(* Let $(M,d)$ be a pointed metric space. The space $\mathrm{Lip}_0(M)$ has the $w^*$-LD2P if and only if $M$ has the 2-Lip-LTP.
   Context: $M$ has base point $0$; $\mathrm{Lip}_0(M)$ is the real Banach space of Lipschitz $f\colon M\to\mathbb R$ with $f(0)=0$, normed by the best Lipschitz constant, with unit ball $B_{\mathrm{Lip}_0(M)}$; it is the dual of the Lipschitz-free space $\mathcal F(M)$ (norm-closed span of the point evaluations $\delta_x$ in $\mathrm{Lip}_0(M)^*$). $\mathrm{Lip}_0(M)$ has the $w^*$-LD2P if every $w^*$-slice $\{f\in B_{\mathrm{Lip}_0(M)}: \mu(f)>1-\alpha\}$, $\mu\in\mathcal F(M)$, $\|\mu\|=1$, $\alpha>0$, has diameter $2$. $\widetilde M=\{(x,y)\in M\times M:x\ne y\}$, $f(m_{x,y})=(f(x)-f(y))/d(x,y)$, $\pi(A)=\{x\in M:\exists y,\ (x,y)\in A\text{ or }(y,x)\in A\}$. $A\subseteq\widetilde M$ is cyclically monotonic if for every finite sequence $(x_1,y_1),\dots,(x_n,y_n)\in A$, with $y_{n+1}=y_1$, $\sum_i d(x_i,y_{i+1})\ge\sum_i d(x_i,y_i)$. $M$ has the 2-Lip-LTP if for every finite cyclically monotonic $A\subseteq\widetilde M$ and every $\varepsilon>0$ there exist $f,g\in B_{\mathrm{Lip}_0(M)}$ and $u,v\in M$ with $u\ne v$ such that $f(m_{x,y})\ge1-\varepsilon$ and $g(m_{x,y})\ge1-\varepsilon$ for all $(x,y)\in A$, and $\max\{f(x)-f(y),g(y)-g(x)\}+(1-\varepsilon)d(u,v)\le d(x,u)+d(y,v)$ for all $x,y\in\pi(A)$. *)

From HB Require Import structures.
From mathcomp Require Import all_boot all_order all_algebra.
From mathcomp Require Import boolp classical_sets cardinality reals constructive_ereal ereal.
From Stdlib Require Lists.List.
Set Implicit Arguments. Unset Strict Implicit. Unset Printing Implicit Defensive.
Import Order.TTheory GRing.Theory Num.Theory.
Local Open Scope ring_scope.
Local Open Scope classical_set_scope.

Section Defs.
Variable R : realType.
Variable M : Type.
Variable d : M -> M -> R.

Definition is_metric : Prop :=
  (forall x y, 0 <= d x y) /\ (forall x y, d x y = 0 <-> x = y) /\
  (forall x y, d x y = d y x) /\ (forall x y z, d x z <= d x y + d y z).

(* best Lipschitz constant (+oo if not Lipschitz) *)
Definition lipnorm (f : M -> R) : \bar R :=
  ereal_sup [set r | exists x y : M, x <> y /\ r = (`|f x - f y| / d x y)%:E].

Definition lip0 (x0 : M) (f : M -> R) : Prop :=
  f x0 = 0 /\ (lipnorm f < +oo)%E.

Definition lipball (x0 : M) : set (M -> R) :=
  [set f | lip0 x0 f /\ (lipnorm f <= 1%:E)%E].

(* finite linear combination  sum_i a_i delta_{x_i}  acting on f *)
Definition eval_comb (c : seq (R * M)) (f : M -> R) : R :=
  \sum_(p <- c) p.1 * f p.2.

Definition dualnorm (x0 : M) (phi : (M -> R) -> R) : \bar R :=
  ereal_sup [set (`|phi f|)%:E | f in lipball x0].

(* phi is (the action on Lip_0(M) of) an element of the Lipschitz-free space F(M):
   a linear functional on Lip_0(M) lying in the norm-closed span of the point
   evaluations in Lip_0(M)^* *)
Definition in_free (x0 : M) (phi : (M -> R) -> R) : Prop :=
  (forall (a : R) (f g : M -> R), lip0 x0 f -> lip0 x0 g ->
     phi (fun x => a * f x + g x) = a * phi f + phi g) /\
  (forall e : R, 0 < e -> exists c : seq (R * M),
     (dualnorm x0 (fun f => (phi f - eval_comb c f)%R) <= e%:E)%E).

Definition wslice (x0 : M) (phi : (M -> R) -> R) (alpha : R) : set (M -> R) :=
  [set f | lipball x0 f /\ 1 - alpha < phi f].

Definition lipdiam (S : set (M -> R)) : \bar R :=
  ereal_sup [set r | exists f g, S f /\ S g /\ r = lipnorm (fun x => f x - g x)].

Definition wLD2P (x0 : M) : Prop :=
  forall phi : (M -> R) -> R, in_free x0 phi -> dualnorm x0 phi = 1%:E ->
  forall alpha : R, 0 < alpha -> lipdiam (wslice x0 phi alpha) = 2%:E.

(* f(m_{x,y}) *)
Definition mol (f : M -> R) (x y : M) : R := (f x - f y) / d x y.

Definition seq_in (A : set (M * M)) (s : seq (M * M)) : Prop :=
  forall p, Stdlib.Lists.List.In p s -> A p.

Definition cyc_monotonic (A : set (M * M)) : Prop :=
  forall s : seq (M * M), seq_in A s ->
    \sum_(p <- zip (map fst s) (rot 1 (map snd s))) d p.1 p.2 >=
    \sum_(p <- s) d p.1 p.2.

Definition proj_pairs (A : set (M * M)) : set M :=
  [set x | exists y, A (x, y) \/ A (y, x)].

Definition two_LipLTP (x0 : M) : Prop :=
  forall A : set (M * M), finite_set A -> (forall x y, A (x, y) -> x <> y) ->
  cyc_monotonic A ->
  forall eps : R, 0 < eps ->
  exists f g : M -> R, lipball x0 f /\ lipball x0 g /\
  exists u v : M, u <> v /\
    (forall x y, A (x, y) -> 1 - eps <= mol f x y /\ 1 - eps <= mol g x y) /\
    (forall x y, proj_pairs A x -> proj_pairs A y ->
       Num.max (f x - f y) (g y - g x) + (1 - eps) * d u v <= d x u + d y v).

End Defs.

────

Goal of the exercise » In the listing, return each line containing the string "Open".

Answer »
Local Open Scope ring_scope.
Local Open Scope classical_set_scope.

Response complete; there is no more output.